(INPUT FOR THIS TASK)

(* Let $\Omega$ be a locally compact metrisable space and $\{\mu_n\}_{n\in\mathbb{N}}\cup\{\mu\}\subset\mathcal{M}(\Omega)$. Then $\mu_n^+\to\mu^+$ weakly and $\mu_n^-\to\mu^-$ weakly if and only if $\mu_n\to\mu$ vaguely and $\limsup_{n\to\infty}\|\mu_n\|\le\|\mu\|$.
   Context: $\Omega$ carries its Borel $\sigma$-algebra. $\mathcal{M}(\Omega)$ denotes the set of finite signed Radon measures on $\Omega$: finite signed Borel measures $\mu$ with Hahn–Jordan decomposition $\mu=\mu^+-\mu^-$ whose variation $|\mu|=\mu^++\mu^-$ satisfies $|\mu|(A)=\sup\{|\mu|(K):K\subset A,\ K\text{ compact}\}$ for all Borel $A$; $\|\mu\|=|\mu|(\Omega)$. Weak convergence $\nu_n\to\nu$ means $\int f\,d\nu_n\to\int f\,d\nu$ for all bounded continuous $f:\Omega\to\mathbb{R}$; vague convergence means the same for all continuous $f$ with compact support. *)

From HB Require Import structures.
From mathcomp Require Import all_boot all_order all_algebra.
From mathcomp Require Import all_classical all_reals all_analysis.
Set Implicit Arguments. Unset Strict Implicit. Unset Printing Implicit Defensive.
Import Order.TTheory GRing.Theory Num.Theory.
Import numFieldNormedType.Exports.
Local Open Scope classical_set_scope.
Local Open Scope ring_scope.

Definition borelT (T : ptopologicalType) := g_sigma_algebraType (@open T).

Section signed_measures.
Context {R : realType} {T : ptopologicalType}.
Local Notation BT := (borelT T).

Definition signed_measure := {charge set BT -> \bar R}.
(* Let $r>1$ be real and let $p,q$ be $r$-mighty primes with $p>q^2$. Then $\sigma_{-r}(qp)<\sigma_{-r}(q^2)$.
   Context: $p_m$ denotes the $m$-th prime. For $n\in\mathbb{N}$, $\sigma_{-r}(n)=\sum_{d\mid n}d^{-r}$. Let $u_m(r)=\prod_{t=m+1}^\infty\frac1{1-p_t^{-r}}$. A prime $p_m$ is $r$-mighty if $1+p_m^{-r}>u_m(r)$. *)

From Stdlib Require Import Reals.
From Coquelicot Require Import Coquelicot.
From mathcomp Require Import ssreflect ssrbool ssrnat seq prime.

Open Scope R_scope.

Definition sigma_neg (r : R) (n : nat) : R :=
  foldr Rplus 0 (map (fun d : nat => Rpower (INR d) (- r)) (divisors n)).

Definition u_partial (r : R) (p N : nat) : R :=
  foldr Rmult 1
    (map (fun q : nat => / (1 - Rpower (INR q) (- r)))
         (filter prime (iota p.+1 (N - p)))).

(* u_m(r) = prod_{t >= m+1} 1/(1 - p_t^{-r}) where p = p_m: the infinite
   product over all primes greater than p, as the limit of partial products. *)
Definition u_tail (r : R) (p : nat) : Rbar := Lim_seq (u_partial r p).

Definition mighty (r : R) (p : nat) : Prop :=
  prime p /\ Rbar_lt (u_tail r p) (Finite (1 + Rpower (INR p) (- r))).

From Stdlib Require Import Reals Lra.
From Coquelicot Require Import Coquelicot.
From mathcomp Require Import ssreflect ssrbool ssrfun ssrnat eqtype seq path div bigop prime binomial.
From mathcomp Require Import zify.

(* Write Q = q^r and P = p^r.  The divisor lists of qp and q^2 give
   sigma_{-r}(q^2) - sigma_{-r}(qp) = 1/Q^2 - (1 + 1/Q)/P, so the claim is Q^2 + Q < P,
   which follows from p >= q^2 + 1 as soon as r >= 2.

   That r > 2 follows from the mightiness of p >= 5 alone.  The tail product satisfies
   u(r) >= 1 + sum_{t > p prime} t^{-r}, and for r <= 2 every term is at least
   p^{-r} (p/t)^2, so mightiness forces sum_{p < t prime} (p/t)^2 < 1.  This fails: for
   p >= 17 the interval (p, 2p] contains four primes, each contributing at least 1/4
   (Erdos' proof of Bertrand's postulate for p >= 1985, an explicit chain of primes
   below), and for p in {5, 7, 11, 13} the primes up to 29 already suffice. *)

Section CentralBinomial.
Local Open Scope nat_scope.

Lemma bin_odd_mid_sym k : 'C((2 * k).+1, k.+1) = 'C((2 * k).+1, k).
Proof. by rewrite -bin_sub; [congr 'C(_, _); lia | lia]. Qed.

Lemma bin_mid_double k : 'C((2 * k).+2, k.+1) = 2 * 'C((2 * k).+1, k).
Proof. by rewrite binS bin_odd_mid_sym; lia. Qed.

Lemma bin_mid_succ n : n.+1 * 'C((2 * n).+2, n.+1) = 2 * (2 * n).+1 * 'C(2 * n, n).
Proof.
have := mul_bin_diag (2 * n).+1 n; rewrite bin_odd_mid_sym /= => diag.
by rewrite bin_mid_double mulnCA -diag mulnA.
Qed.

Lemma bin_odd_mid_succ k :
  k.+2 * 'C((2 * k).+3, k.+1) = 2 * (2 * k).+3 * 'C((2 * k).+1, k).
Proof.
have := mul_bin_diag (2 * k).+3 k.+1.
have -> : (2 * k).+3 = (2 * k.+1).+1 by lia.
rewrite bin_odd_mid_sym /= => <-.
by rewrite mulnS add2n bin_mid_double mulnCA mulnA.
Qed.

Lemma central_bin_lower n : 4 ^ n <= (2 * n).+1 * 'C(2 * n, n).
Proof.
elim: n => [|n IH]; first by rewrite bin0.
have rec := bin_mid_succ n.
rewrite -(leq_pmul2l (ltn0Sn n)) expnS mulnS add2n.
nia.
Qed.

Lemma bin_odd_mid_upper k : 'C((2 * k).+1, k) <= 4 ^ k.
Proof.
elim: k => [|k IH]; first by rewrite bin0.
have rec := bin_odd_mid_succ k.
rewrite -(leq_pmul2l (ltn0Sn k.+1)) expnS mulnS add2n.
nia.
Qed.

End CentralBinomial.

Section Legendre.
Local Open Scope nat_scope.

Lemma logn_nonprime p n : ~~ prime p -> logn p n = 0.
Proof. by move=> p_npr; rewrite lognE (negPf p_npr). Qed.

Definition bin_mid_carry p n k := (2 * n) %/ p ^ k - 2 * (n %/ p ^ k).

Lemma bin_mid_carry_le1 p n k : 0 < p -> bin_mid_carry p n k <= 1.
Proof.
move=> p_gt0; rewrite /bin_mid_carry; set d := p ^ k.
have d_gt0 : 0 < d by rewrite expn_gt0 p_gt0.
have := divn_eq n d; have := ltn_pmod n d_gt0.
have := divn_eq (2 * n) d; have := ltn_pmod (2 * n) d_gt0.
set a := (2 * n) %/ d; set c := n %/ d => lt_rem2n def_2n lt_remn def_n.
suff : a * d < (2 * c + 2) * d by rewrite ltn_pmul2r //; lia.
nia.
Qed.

(End INPUT FOR THIS TASK)

- **EXERCISE REQUIREMENTS**
Each line holding "Stdlib" in the records should be copied out.

- **ANSWER SECTION**
From Stdlib Require Import Reals.
From Stdlib Require Import Reals Lra.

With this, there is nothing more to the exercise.